O olayda biz yaşadığımız saldırıyı okul Müdür yardımcısına anında ilettiğimizde ise, oda gelip o saldırganların yanında bize saldırmaya çalışmıştı. Bunun üzerine bizde kaçmaya çalıştığımızda ise, dış kapıların kilitli olduğunu gördük. Bizde nöbetçi odasının penceresinde atlayarak polise gitmiştik. Biz daha karakolda iken polisler, bize saldıran saldırganları hastaneye götürerek darp raporu aldırmışlar. Asıl onları bizim hakkımızda şikâyetçi olmalarını da polisler sağlamıştı. Saldırıya uğrayan bizken, “saldıranlar” durumuna düşürülmüştük. Bu düzenlemenin sonucunda hepimiz tutuklanmıştık.
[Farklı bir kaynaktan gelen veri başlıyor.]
(* Let $(E,\mathcal{E},m)$ be a $\sigma$-finite measure space and let $P$ be a stochastic operator on $L^1(E,\mathcal{E},m)$ which is uniquely mean ergodic with invariant density $f_*$. If a nonnegative measurable function $\tilde f_*$ is subinvariant for $P$ and $m(\operatorname{supp} f_*\cap\{x:\tilde f_*(x)<\infty\})>0$, then $\tilde f_*\in L^1$.
   Context: $L^1_+$ denotes the nonnegative elements of $L^1$, and $D(m)=\{f\in L^1_+:\|f\|=1\}$ is the set of densities. A linear operator $P$ on $L^1$ is stochastic if $P(D(m))\subseteq D(m)$. A substochastic (positive contraction) operator $P$ is extended to nonnegative measurable functions by $Pf=\sup_n Pf_n$ whenever $f=\sup_n f_n$ with $0\le f_n\le f_{n+1}$, $f_n\in L^1_+$ (the value may be $+\infty$). A nonnegative measurable $f$ is subinvariant for $P$ if $Pf\le f$. $P$ is uniquely mean ergodic if there is an invariant density $f_*$ ($Pf_*=f_*$) with $\lim_{N\to\infty}\frac1N\sum_{n=0}^{N-1}P^nf=f_*\|f\|$ for all $f\in L^1_+$. The support of $f$ is $\operatorname{supp} f=\{x: f(x)\neq0\}$ (up to null sets). *)

From HB Require Import structures.
From mathcomp Require Import all_boot all_order all_algebra.
From mathcomp Require Import all_classical all_reals all_analysis measurable_realfun.
Set Implicit Arguments. Unset Strict Implicit. Unset Printing Implicit Defensive.
Import Order.TTheory GRing.Theory Num.Theory.
Local Open Scope classical_set_scope.
Local Open Scope ring_scope.

(* Elements of L^1(E, mu) are represented by their real-valued representatives
   f : T -> R with mu.-integrable setT (EFin \o f); equality in L^1 is a.e.
   equality.  An operator on L^1 is represented by a map P : (T -> R) -> (T -> R)
   which is only meaningful on integrable functions. *)

Section L1ops.
Context d (T : measurableType d) (R : realType) (mu : {measure set T -> \bar R}).

Definition L1 (f : T -> R) : Prop := mu.-integrable setT (EFin \o f).

Definition L1norm (f : T -> R) : R := fine (\int[mu]_x (`|f x|)%:E).

Definition L1pos (f : T -> R) : Prop := L1 f /\ {ae mu, forall x, 0 <= f x}.

Definition density (f : T -> R) : Prop := L1pos f /\ L1norm f = 1.

Definition L1_linear_operator (P : (T -> R) -> (T -> R)) : Prop :=
  [/\ (forall f, L1 f -> L1 (P f)),
      (forall f g, L1 f -> L1 g -> f = g %[ae mu] -> P f = P g %[ae mu]) &
      (forall (a b : R) f g, L1 f -> L1 g ->
          P (fun x => a * f x + b * g x) = (fun x => a * P f x + b * P g x) %[ae mu])].

Definition stochastic (P : (T -> R) -> (T -> R)) : Prop :=
  L1_linear_operator P /\ (forall f, density f -> density (P f)).

Definition cesaro (P : (T -> R) -> (T -> R)) (N : nat) (f : T -> R) : T -> R :=
  fun x => N%:R^-1 * \sum_(n < N) iter n P f x.

Definition uniquely_mean_ergodic_with (P : (T -> R) -> (T -> R)) (fstar : T -> R) : Prop :=
  [/\ density fstar,
      P fstar = fstar %[ae mu] &
      (forall f, L1pos f ->
         (fun N : nat => L1norm (fun x => cesaro P N.+1 f x - fstar x * L1norm f))
            @ \oo --> 0)].

(* Extension of P to nonnegative measurable functions: for an increasing sequence
   fs of elements of L^1_+, the value at x of sup_n P (fs n). *)
Definition ext_sup (P : (T -> R) -> (T -> R)) (fs : nat -> T -> R) (x : T) : \bar R :=
  ereal_sup (range (fun n => (P (fs n) x)%:E)).

Definition approx_seq (fs : nat -> T -> R) (f : T -> \bar R) : Prop :=
  [/\ (forall n, L1pos (fs n)),
      (forall n, {ae mu, forall x, fs n x <= fs n.+1 x}) &
      {ae mu, forall x, ereal_sup (range (fun n => (fs n x)%:E)) = f x}].
Lemma L_abel_representation : exists R : C,
  Cmod R <= h * (1 / nu + 1 / nu^2) /\
  L h mu = Cmult (Cdiv (RtoC h) (abel_factor h)) (Cplus (E nu) R).
Proof.
  destruct cell_error_series as [R [HR HSR]]. exists R. split; [exact HR|].
  destruct (abel_factor_bounds h Hh) as [HW _].
  assert (HW0 : abel_factor h <> RtoC 0) by (intros Hz; rewrite Hz, Cmod_0 in HW; lra).
  assert (Hratio : Cmod (Cdiv (RtoC h) (abel_factor h)) <= 2).
  { rewrite Cmod_div, Cmod_R, Rabs_pos_eq by (easy || lra).
    apply Rle_div_l; [lra|]. lra. }
  unfold L. apply (lim_eq_of_filterlim (V:=C_R_CompleteNormedModule)).
  apply (filterlim_of_norm_le (V:=C_R_NormedModule) _ _ (fun N => 2 * (4 + h) / (INR N * h + nu)));
    [|apply filterlim_seq_div_affine; lra].
  exists 0%nat. intros N _. rewrite <- Cmod_norm. change (minus ?x ?y) with (Cminus x y).
  pose proof (pos_INR N) as HN.
  rewrite <- (Cmult_1_l (sum_n _ N)), <- (Cinv_l (abel_factor h)), <- Cmult_assoc,
    abel_factor_mul_partial_sum by exact HW0.
  replace (Cminus _ _) with
    (Cmult (Cdiv (RtoC h) (abel_factor h))
       (Cplus (Cminus (E_partial nu (INR (S N) * h)) (E nu))
              (Cminus (sum_n (cell_error nu (mu * h) h) N) R))) by (field; exact HW0).
  rewrite Cmod_mult.
  assert (Happrox : Cmod (Cminus (E_partial nu (INR (S N) * h)) (E nu)) <= 4 / (INR N * h + nu)).
  { rewrite <- Cmod_opp, Copp_minus_distr, S_INR.
    eapply Rle_trans; [apply E_partial_approx; nra|].
    apply Rmult_le_compat_l; [lra|]. apply Rinv_le_contravar; nra. }
  assert (Htail : Cmod (Cminus (sum_n (cell_error nu (mu * h) h) N) R) <= h / (INR N * h + nu)).
  { rewrite <- Cmod_opp, Copp_minus_distr. apply HSR. }
  pose proof (Cmod_triangle (Cminus (E_partial nu (INR (S N) * h)) (E nu))
                (Cminus (sum_n (cell_error nu (mu * h) h) N) R)).
  replace (2 * (4 + h) / (INR N * h + nu)) with (2 * (4 / (INR N * h + nu) + h / (INR N * h + nu)))
    by (field; nra).
  apply Rmult_le_compat; [apply Cmod_ge_0 | apply Cmod_ge_0 | exact Hratio | lra].
Qed.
Tahliye olduktan sonrada zaten yatılı kalmanın koşulları can güvenliğim açısından yurdu terk etmek zorunda kaldım. Üstüne üstlük birde okul idaresi 1 ay okuldan uzaklaştırma cezası ile cezalandırmıştı. Ve taktığımız Atatürk rozeti o dönem faşist militanları çıldırtıyordu. Ondan duydukları rahatsızlığı her fırsatta ortaya konuşarak dışa vuruyorlardı. Yani o Rozetteki Atatürk değil de Lenin’miş diye, bizde bunu bilerek Atatürk Rozetini Lenin’e kılıf yaparak taktığımızı iddia ediyorlardı. Ki Lenin Kurtuluş Savaşında Türkiye’ye ve de Atatürk’e en büyük yardımı sağlamış bir Devrimci Liderdi. Zaten Faşizmde özü gereği Devrim düşmanıdır. Onlar her tür devrime karşılar. Atatürk’ün Devrimci atılımları da doğal olarak onları rahatsız ediyor. Atatürk’e olan düşmanlıklarını Lenin’e kin kusarak dışa vurmuş oluyorlardı. Onun için de bizim o rozeti takmamız onları hep o dönem rahatsız etmişti. Atatürk bu ülkenin kurtuluşu için büyük çaba göstermiş. Ona liderlik etmiş ve yeniden inşası için büyük atılımlar, yenilikler yapmış. Birçok Devrimci atılım gerçekleştirmiş, Ülkeyi karanlıktan kurtarıp aydınlığa çıkarmış bir liderdir. Ona tahammülleri olmayanlar ise bugün asıl sahte sahiplenmeyi bugünlerde onlar yapıyorlar. Kendi gerici emellerini, Atatürkçü geçinerek gizlemeye çalışıyorlar.